Try it
Within the entries below, the lines from the one with "move=> sX sY;" through the one with "rewrite finset.setU0 -c1." are to be set down exactly, both ends kept.

Data for the task
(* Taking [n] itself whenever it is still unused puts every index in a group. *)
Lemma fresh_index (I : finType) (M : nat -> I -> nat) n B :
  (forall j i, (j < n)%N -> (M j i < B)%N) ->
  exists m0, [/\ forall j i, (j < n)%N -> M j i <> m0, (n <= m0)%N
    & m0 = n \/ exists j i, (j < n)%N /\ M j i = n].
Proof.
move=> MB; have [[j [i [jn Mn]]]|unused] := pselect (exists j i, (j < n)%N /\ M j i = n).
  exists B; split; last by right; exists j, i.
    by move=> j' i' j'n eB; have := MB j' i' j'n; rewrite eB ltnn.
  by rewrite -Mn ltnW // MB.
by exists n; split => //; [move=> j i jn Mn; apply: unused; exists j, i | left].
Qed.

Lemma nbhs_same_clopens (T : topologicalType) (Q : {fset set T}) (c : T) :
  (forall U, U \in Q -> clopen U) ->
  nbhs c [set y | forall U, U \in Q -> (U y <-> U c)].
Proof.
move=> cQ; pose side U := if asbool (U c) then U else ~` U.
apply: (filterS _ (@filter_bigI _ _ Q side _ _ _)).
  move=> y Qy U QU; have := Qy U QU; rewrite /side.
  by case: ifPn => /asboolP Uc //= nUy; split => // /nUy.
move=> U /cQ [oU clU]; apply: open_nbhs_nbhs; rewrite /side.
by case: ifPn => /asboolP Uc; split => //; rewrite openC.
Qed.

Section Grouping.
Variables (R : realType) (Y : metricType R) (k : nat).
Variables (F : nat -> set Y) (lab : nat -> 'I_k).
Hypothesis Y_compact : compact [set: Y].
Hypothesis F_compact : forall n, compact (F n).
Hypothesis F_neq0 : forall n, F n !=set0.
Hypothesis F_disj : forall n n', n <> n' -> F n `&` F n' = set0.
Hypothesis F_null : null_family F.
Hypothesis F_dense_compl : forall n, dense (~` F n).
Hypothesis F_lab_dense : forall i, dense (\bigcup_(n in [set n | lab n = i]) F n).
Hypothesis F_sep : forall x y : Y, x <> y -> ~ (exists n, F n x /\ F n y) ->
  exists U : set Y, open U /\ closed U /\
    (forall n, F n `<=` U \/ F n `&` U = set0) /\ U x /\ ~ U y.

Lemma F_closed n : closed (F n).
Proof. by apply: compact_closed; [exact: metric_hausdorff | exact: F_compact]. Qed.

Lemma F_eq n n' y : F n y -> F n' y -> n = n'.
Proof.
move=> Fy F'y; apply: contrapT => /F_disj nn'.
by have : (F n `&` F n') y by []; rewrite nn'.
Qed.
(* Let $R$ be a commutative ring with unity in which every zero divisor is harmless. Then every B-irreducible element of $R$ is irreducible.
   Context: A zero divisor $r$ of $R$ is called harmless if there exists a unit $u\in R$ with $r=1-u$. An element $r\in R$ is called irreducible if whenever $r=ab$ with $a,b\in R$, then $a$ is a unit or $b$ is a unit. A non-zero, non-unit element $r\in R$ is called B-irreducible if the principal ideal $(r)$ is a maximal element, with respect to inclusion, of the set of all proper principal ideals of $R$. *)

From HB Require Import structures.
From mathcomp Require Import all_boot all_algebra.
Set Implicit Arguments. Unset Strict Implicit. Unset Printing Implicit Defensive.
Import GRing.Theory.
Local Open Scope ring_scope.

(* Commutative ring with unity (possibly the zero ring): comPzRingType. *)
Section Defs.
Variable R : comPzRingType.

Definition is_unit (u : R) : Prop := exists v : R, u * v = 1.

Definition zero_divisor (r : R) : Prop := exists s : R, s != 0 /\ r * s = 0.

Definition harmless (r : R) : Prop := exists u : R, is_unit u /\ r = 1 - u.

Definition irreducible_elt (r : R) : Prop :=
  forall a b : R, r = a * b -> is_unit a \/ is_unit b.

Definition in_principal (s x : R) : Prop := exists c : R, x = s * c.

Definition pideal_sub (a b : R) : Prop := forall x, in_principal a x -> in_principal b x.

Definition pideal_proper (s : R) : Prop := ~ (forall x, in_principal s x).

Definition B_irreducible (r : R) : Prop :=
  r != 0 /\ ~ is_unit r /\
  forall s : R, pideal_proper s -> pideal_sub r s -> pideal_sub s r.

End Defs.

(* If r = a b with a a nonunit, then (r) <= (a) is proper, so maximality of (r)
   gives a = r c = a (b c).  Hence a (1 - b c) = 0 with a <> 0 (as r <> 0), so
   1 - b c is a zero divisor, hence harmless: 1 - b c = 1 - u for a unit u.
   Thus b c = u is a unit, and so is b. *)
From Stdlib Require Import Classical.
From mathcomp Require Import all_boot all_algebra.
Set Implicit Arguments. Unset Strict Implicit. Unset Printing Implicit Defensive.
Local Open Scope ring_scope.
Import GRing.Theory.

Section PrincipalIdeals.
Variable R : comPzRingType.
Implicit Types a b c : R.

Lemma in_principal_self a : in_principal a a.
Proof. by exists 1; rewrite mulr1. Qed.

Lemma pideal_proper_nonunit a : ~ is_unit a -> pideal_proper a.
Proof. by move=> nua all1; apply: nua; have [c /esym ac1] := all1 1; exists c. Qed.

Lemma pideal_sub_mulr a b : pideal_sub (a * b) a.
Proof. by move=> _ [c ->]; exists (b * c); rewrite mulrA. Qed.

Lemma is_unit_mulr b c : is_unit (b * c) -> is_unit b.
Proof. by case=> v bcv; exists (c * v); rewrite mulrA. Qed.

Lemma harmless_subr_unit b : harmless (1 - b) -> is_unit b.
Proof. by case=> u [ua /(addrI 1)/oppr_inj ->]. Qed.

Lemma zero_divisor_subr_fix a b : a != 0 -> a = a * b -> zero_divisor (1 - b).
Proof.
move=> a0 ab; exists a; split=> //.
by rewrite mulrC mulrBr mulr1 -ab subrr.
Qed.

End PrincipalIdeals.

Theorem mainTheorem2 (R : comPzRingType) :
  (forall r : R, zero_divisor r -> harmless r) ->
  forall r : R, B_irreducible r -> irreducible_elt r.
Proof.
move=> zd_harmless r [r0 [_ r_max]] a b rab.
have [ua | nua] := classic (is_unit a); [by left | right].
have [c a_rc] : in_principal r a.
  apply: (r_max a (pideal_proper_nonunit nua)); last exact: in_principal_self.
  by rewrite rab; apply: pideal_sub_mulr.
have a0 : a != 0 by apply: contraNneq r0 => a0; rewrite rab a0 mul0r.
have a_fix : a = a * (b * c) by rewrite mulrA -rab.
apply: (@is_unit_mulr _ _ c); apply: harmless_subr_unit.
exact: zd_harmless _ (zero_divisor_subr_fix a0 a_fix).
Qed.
==
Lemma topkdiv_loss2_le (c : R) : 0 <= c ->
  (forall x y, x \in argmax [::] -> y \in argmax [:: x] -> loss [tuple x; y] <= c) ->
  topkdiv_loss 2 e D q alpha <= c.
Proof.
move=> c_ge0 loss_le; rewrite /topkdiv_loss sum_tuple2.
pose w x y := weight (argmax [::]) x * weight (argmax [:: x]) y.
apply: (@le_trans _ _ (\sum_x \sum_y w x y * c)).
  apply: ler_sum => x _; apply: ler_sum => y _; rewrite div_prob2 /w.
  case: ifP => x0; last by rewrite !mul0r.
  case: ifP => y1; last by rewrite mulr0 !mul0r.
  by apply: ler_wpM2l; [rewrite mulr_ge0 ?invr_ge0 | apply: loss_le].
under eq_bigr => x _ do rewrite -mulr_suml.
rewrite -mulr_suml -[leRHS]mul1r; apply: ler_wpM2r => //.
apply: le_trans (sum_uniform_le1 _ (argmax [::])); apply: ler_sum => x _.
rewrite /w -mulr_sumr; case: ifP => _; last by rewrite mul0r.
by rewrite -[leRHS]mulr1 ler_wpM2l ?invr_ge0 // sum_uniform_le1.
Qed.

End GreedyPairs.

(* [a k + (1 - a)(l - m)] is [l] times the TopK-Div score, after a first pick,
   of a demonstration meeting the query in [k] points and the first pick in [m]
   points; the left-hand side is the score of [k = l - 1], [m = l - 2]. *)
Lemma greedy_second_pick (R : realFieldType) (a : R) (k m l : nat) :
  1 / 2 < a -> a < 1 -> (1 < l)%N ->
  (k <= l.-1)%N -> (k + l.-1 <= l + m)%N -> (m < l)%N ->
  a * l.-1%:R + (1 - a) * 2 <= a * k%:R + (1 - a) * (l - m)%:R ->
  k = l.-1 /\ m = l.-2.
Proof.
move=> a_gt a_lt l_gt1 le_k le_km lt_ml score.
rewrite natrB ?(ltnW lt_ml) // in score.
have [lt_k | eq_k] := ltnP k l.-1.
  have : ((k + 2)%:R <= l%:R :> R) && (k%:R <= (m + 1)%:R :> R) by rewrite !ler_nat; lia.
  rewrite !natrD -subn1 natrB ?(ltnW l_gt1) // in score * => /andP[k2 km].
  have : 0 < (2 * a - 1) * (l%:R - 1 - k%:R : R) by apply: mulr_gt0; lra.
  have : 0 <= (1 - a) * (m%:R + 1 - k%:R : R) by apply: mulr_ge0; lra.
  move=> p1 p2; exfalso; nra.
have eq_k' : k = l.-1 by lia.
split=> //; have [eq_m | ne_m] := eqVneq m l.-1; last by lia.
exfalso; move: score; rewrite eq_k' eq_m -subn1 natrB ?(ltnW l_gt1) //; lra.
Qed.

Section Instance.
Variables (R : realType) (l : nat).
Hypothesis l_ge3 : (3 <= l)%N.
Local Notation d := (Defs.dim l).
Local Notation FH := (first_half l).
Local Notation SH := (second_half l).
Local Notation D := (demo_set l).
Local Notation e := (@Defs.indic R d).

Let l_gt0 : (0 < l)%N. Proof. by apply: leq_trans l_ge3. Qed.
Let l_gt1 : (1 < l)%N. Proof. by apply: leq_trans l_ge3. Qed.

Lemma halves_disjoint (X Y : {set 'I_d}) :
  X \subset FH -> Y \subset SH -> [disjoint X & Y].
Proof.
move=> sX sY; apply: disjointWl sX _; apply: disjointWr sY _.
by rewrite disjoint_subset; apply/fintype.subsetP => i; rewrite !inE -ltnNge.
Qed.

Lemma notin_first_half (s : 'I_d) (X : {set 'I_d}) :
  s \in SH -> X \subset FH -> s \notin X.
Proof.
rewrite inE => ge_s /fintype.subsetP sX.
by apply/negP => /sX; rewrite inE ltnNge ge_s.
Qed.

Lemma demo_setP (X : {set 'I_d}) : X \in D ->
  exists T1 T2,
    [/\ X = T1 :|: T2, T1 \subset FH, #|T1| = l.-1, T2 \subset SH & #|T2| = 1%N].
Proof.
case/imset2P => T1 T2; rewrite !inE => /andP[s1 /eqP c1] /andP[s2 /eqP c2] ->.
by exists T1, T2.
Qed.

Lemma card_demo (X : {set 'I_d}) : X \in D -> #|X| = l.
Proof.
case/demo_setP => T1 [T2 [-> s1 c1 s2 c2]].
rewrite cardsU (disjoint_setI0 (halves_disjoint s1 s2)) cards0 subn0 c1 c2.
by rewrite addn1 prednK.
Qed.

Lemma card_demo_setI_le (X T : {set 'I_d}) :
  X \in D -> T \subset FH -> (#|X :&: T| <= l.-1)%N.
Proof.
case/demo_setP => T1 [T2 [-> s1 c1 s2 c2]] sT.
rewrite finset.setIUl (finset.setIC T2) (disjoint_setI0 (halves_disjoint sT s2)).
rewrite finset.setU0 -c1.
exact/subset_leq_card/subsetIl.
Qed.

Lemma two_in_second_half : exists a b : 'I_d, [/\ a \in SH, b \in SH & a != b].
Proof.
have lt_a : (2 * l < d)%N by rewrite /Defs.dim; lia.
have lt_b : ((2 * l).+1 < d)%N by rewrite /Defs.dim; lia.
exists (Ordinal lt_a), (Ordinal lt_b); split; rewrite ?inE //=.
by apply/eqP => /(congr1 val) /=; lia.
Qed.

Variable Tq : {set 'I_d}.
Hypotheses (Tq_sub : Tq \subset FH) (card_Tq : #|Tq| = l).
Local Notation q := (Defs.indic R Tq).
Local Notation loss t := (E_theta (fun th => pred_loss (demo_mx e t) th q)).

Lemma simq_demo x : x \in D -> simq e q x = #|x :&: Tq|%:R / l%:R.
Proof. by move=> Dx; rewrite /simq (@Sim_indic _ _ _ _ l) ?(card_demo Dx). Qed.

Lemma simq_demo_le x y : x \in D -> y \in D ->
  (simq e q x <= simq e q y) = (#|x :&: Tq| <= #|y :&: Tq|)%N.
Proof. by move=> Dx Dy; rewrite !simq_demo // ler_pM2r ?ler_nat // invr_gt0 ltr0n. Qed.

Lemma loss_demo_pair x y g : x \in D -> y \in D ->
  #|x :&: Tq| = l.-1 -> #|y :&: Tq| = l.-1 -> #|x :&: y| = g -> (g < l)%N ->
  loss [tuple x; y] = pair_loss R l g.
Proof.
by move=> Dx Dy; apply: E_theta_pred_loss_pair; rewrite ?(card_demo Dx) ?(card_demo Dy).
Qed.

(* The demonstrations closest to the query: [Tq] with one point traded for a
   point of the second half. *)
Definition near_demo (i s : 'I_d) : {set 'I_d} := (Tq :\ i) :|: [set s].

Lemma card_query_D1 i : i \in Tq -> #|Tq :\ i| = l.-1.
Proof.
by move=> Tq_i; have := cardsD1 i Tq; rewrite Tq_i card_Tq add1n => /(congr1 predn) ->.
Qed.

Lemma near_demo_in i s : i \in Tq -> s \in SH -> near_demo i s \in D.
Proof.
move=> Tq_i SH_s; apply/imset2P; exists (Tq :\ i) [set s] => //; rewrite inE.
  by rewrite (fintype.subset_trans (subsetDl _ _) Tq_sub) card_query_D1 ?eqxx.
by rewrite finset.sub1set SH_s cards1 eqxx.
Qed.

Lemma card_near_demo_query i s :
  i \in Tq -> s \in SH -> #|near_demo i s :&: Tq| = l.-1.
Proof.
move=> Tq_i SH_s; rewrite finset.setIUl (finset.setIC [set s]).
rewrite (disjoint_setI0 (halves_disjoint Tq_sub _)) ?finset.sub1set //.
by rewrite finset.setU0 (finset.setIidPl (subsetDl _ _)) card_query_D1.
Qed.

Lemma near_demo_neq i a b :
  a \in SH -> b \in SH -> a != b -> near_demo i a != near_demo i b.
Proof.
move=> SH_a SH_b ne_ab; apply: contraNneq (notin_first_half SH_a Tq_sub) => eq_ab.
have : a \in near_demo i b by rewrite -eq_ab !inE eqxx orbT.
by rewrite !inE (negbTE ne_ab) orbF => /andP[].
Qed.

Result of the exercise
move=> sX sY; apply: disjointWl sX _; apply: disjointWr sY _.
by rewrite disjoint_subset; apply/fintype.subsetP => i; rewrite !inE -ltnNge.
Qed.

Lemma notin_first_half (s : 'I_d) (X : {set 'I_d}) :
  s \in SH -> X \subset FH -> s \notin X.
Proof.
rewrite inE => ge_s /fintype.subsetP sX.
by apply/negP => /sX; rewrite inE ltnNge ge_s.
Qed.

Lemma demo_setP (X : {set 'I_d}) : X \in D ->
  exists T1 T2,
    [/\ X = T1 :|: T2, T1 \subset FH, #|T1| = l.-1, T2 \subset SH & #|T2| = 1%N].
Proof.
case/imset2P => T1 T2; rewrite !inE => /andP[s1 /eqP c1] /andP[s2 /eqP c2] ->.
by exists T1, T2.
Qed.

Lemma card_demo (X : {set 'I_d}) : X \in D -> #|X| = l.
Proof.
case/demo_setP => T1 [T2 [-> s1 c1 s2 c2]].
rewrite cardsU (disjoint_setI0 (halves_disjoint s1 s2)) cards0 subn0 c1 c2.
by rewrite addn1 prednK.
Qed.

Lemma card_demo_setI_le (X T : {set 'I_d}) :
  X \in D -> T \subset FH -> (#|X :&: T| <= l.-1)%N.
Proof.
case/demo_setP => T1 [T2 [-> s1 c1 s2 c2]] sT.
rewrite finset.setIUl (finset.setIC T2) (disjoint_setI0 (halves_disjoint sT s2)).
rewrite finset.setU0 -c1.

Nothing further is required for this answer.